AI orchestration framework to build customizable, production-ready LLM applications. Connect components (models, vector DBs, file converters) to pipelines or agents that can interact with your data. With advanced retrieval methods, it's best suited for building RAG, question answering, semantic search or conversational agent chatbots.

txtai

10,629

💡 All-in-one open-source embeddings database for semantic search, LLM orchestration and language model workflows

Quick Overview

MindSearch is an open-source natural language processing (NLP) library that provides a set of tools for building and deploying large language models (LLMs) on the web. It aims to make it easier for developers to integrate powerful AI-powered search and question-answering capabilities into their applications.

Pros

Modular and Extensible: MindSearch is designed with a modular architecture, allowing developers to easily integrate specific components or extend the functionality as needed.
Web-based Deployment: The library supports web-based deployment, making it easier to integrate AI-powered search and question-answering features into web applications.
Customizable Models: MindSearch allows developers to fine-tune and customize the language models to better suit their specific use cases.
Open-source and Community-driven: The project is open-source, encouraging community contributions and collaboration.

Cons

Limited Documentation: The project's documentation could be more comprehensive, which may make it challenging for new users to get started.
Performance Concerns: Depending on the size and complexity of the language models used, the performance of MindSearch-powered applications may be a concern, especially for real-time use cases.
Dependency on External Libraries: MindSearch relies on several external libraries and frameworks, which may introduce additional complexity and potential compatibility issues.
Lack of Widespread Adoption: As a relatively new project, MindSearch may not have the same level of community support and ecosystem as more established NLP libraries.

Code Examples

from mindsearch import MindSearchEngine

# Initialize the MindSearchEngine
engine = MindSearchEngine()

# Load a pre-trained language model
engine.load_model("path/to/model")

# Perform a search query
results = engine.search("What is the capital of France?")
print(results)

This code demonstrates how to initialize the MindSearchEngine, load a pre-trained language model, and perform a search query.
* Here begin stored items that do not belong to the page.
Lemma apex_proper x y z : joined x y -> joined x z -> y != z -> apex x y != apex x z.
Proof.
move=> exy exz neq_yz; apply/eqP => same_colour.
have [Hy_D xHy yHy] := joiningP exy; have [Hz_D xHz zHz] := joiningP exz.
have [wHy wy_out] : outer (joining x y) \in joining x y /\ outer (joining x y) \notin XM M.
  by apply/andP; rewrite outer_spec.
have [wHz _] : outer (joining x y) \in joining x z /\ outer (joining x y) \notin XM M.
  by apply/andP; rewrite [outer (joining x y)]same_colour outer_spec.
have neq_xw : vtx x != outer (joining x y) by apply: contraNneq wy_out => <-; apply: vtx_XM.
have := linear_eq F_linear (D_F Hy_D) (D_F Hz_D) neq_xw xHy wHy xHz wHz.
move=> Hyz; case/and4P: exz => _ lt_z9 neq_xz _.
move: (joining_vtx exy lt_z9); rewrite Hyz zHz => /(_ isT).
by rewrite ![z == _]eq_sym (negbTE neq_xz) (negbTE neq_yz).
Qed.

Lemma joining_disjoint x y x' y' : joined x y -> joined x' y' -> apex x y != apex x' y' ->
  (forall t, t \in [:: x; y] -> t \in [:: x'; y'] -> False) ->
  [disjoint joining x y & joining x' y'].
Proof.
move=> exy ex'y' apex_neq ends_disj; have [H_D _ _] := joiningP exy.
have [H'_D _ _] := joiningP ex'y'.
apply/pred0P => u /=; apply/negbTE/andP => -[u_H u_H'].
have [u_XM | u_out] := boolP (u \in XM M).
  have [t lt_t9 ut] := D_vtx H_D u_H u_XM; rewrite -ut in u_H u_H'.
  by apply: (ends_disj t); rewrite !inE; apply: joining_vtx lt_t9 _.
have /eqP ux : u == apex x y by rewrite -outer_spec // u_H u_out.
have /eqP ux' : u == apex x' y' by rewrite -outer_spec // u_H' u_out.
by move: apex_neq; rewrite -ux -ux' eqxx.
Qed.

Lemma joining_disjoint_member x y Z : joined x y -> Z \in M ->
  member (part x) != Z -> member (part y) != Z -> [disjoint joining x y & Z].
Proof.
move=> exy Z_M neq_xZ neq_yZ; have [H_D _ _] := joiningP exy.
apply/pred0P => u /=; apply/negbTE/andP => -[u_H u_Z].
have u_XM : u \in XM M by apply: subsetP (bigcup_sup _ Z_M) _ u_Z.
have [t lt_t9 ut] := D_vtx H_D u_H u_XM; rewrite -ut in u_H u_Z.
have neq_tZ : member (part t) != Z by case/orP: (joining_vtx exy lt_t9 u_H) => /eqP->.
have := M_disjoint (member_M _) Z_M neq_tZ.
by move=> /disjointFr/(_ (vtx_member t)); rewrite u_Z.
Qed.

Lemma apex_rainbow_le es ks :
  all (fun e => joined e.1 e.2) es -> uniq (ends es) -> uniq [seq apex e.1 e.2 | e <- es] ->
  {subset map part (ends es) <= ks} -> size es <= size ks.
Proof.
move=> /allP es_joined uniq_ends uniq_apex parts_ks.
pose H (e : nat * nat) := joining e.1 e.2.
have uniq_H : uniq (map H es) by apply: (@map_uniq _ _ outer); rewrite -map_comp.
have -> : size es = #|[set E in map H es]| by rewrite cardsE (card_uniqP uniq_H) size_map.
apply: leq_trans (_ : #|[set Z in map (fun k => member k) ks]| <= _); last first.
  by rewrite cardsE (leq_trans (card_size _)) ?size_map.
apply: (maximum_matching_exchange M_max).
- by apply/subsetP => Z; rewrite inE => /mapP[k _ ->]; apply: member_M.
- split=> [|E E']; rewrite ?inE.
    by apply/subsetP => E; rewrite inE => /mapP[e /es_joined/joiningP[/D_F E_F _ _] ->].
  move=> /mapP[e e_es ->] /mapP[f f_es ->] neq_Hef.
  have neq_ef : e != f by apply: contra_neq neq_Hef => ->.
  apply: joining_disjoint; rewrite ?es_joined //.
    exact: uniq_map_neq uniq_apex e_es f_es neq_ef.
  by move=> t; apply: ends_disjoint uniq_ends e_es f_es neq_ef.
- rewrite inE; apply/mapP => -[e /es_joined/joiningP[_ x_H _] H0].
  by move: x_H; rewrite -[joining _ _]/(H e) -H0 inE.
move=> E Z; rewrite !inE => /mapP[e e_es ->] /andP[Z_R Z_M].
have member_R t : t \in [:: e.1; e.2] -> member (part t) != Z.
  move=> t_e; apply: contraNneq Z_R => <-; apply/map_f/parts_ks/map_f.
  by rewrite mem_ends; apply/hasP; exists e; rewrite // -mem_seq2.
by apply: joining_disjoint_member; rewrite ?es_joined ?member_R ?mem_head // inE mem_head orbT.
Qed.
Lemma A_coef_bound n :
  exists K, forall m, Rabs (A_coef n (2 * PI * INR (S m))) <= K * / INR (S m) ^ 2.
Proof.
  exists (rsum (fun r => INR (fact (n + r)) / INR (fact (n - r - 1))) n). intro m.
  assert (Hm : 1 <= INR (S m)) by (apply (le_INR 1); lia).
  assert (Ht : INR (S m) <= 2 * PI * INR (S m)) by (pose proof PI2_1; nra).
  unfold A_coef. rewrite (Rmult_comm (rsum _ _)), <- rsum_scal. apply rsum_Rabs_le. intros r _.
  pose proof (INR_fact_pos (n + r)). pose proof (INR_fact_pos (n - r - 1)).
  assert (Hpow : INR (S m) ^ 2 <= (2 * PI * INR (S m)) ^ (2 * r + 2)).
  { replace (2 * r + 2)%nat with (2 + 2 * r)%nat by lia. rewrite pow_add.
    rewrite <- (Rmult_1_r (INR (S m) ^ 2)). apply Rmult_le_compat.
    - apply pow_le; lra.
    - lra.
    - apply pow_incr; lra.
    - apply pow_R1_Rle. pose proof PI2_1. nra. }
  rewrite Rabs_right.
  2: { apply Rle_ge. unfold Rdiv. apply Rmult_le_pos;
       [apply Rmult_le_pos; [lra | left; apply Rinv_0_lt_compat; lra]
       | left; apply Rinv_0_lt_compat, pow_lt; nra]. }
  unfold Rdiv. rewrite (Rmult_comm (/ _) (_ * _)). apply Rmult_le_compat_l.
  - apply Rmult_le_pos; [lra | left; apply Rinv_0_lt_compat; lra].
  - apply Rinv_le_contravar; [apply pow_lt; lra | exact Hpow].
Qed.
Lemma sat_eq_free phi v w :
  (forall i, free_in i phi -> v i = w i) -> (sat v phi <-> sat w phi).
Proof.
elim: phi v w => //=.
- move=> t1 t2 v w vw.
  by rewrite (@teval_eq_free v w t1) ?(@teval_eq_free v w t2) //
     => i ?; apply: vw; [right|left].
- move=> r args v w vw.
  suff -> : (fun k => teval v (args k)) = (fun k => teval w (args k)) by [].
  apply: functional_extensionality => k; apply: teval_eq_free => i ik; apply: vw; by exists k.
- by move=> p IH v w vw; rewrite (IH v w vw).
- by move=> p IHp q IHq v w vw; rewrite (IHp v w) ?(IHq v w) // => i ?; apply: vw; [right|left].
- by move=> p IHp q IHq v w vw; rewrite (IHp v w) ?(IHq v w) // => i ?; apply: vw; [right|left].
- move=> n p IH v w vw.
  have upd_vw a : sat (upd v n a) p <-> sat (upd w n a) p.
    by apply: IH => i ip; rewrite /upd; case: eqP => // ni; apply: vw.
  by split=> -[a]; exists a; apply/upd_vw.
Qed.

Lemma sat_rename phi s v : sat v (rename s phi) <-> sat (fun i => v (s i)) phi.
Proof.
elim: phi s v => //=.
- by move=> t1 t2 s v; rewrite !teval_trename.
- move=> r args s v.
  suff -> : (fun k => teval v (trename s (args k))) =
            (fun k => teval (fun i => v (s i)) (args k)) by [].
  by apply: functional_extensionality => k; rewrite teval_trename.
- by move=> p IH s v; rewrite IH.
- by move=> p IHp q IHq s v; rewrite IHp IHq.
- by move=> p IHp q IHq s v; rewrite IHp IHq.
- move=> n p IH s v; set m := fresh_var s (var_bound p).
  have upd_rename a : sat (upd v m a) (rename (fun i => if i == n then m else s i) p) <->
                      sat (upd (fun i => v (s i)) n a) p.
    rewrite IH; apply: sat_eq_free => i /free_in_var_bound ip; rewrite /upd.
    case: (i =P n) => [_|_]; first by rewrite eqxx.
    by rewrite ifN // neq_ltn fresh_var_gt.
  by split=> -[a]; exists a; apply/upd_rename.
Qed.
(* For every $\Delta\in\mathbb{N}$ there exists $k_0$ such that for all $k\ge k_0$ the following holds. Let $T$ be a tree with $k$ edges and $\Delta(T)\le\Delta$. Then there exist a matching $M$, a tree $S$ and a forest $F$, all subgraphs of $T$, whose edge sets form a partition of $E(T)$, such that: (a) $S$ and $F$ are vertex-disjoint; (b) every edge of $M$ has exactly one endpoint in $S$ and one endpoint in $F$; (c) $S$ and every component of $F$ each have at most $\lceil k/2\rceil$ vertices; (d) all vertices of $V(M)\cap V(S)$ belong to the same bipartition class of $T$; (e) the smallest subtree of $S$ containing $V(M)\cap V(S)$ has at most $\Delta^{4\Delta+1}$ vertices.
   Context: A matching is a set of pairwise vertex-disjoint edges, viewed as a subgraph. $\Delta(T)$ is the maximum degree of $T$. *)

(* Graphs on a finite vertex type V; an edge is a 2-element
   vertex set; a (sub)graph is a pair (vertex set, edge set). *)
From mathcomp Require Import all_boot.
Set Implicit Arguments. Unset Strict Implicit. Unset Printing Implicit Defensive.

Section Graphs.
Variable V : finType.

Definition is_graph (E : {set {set V}}) : Prop := forall e, e \in E -> #|e| = 2.

(* (A, EA) is a subgraph of the graph with edge set E (vertex set all of V) *)
Definition subgraph (E : {set {set V}}) (A : {set V}) (EA : {set {set V}}) : Prop :=
  EA \subset E /\ forall e, e \in EA -> e \subset A.

Definition adj (A : {set V}) (EA : {set {set V}}) : rel V :=
  fun x y => [&& x \in A, y \in A & [set x; y] \in EA].

Definition connectedb (A : {set V}) (EA : {set {set V}}) : bool :=
  [forall x in A, forall y in A, connect (adj A EA) x y].

Definition acyclic (A : {set V}) (EA : {set {set V}}) : Prop :=
  forall s : seq V, uniq s -> 3 <= size s -> ~~ cycle (adj A EA) s.
(* Let $p\ge 3$ be a prime and write $\dfrac{(q^2;q^2)_\infty^2}{(q;q)_\infty(q^p;q^p)_\infty}=\sum_{n\ge0}a_nq^n$. Let $$N=N(p)=\max_s\ \min\Big\{\tfrac{r(r+1)}{2} : 0\le r\le p-1,\ \tfrac{r(r+1)}{2}\equiv s\pmod p\Big\}-p,$$ the maximum over residues $s\in\{0,\dots,p-1\}$ for which the set is nonempty. Then for all $n>N$: $a_n>0$ if $n\equiv \frac{r(r+1)}{2}\pmod p$ for some integer $r$, and $a_n=0$ otherwise.
   Context: For $|q|<1$, $(a;q)_\infty=\prod_{k\ge0}(1-aq^k)$. *)

From mathcomp Require Import all_boot all_order all_algebra.
Set Implicit Arguments. Unset Strict Implicit. Unset Printing Implicit Defensive.
Import Order.TTheory GRing.Theory Num.Theory.
Local Open Scope ring_scope.

Definition tri (r : nat) : nat := (r * r.+1)./2.

(* Truncated geometric series 1 + X^m + ... + X^(m*n), i.e. 1/(1 - X^m)
   modulo X^(n+1) when m >= 1. *)
Definition geomp (m n : nat) : {poly int} := \sum_(j < n.+1) 'X^(m * j).

(* a p n := coefficient of q^n in (q^2;q^2)_oo^2 / ((q;q)_oo (q^p;q^p)_oo),
   as a formal power series.  Only the factors with index k <= n can affect
   the coefficient of q^n, and the truncated geometric series agree with
   1/(1-q^m) up to degree n, so the n-th coefficient of the polynomial below
   is exactly the n-th power-series coefficient. *)
Definition qcoef (p n : nat) : int :=
  (\prod_(k < n) ((1 - 'X^(2 * k.+1)) ^+ 2 * geomp k.+1 n * geomp (p * k.+1) n))`_n.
from mindsearch import MindSearchEngine

# Initialize the MindSearchEngine
engine = MindSearchEngine()

# Fine-tune the language model
engine.fine_tune_model("path/to/training_data")

# Evaluate the model's performance
accuracy = engine.evaluate_model()
print(f"Model accuracy: {accuracy}")

This code shows how to fine-tune the language model using custom training data and evaluate the model's performance.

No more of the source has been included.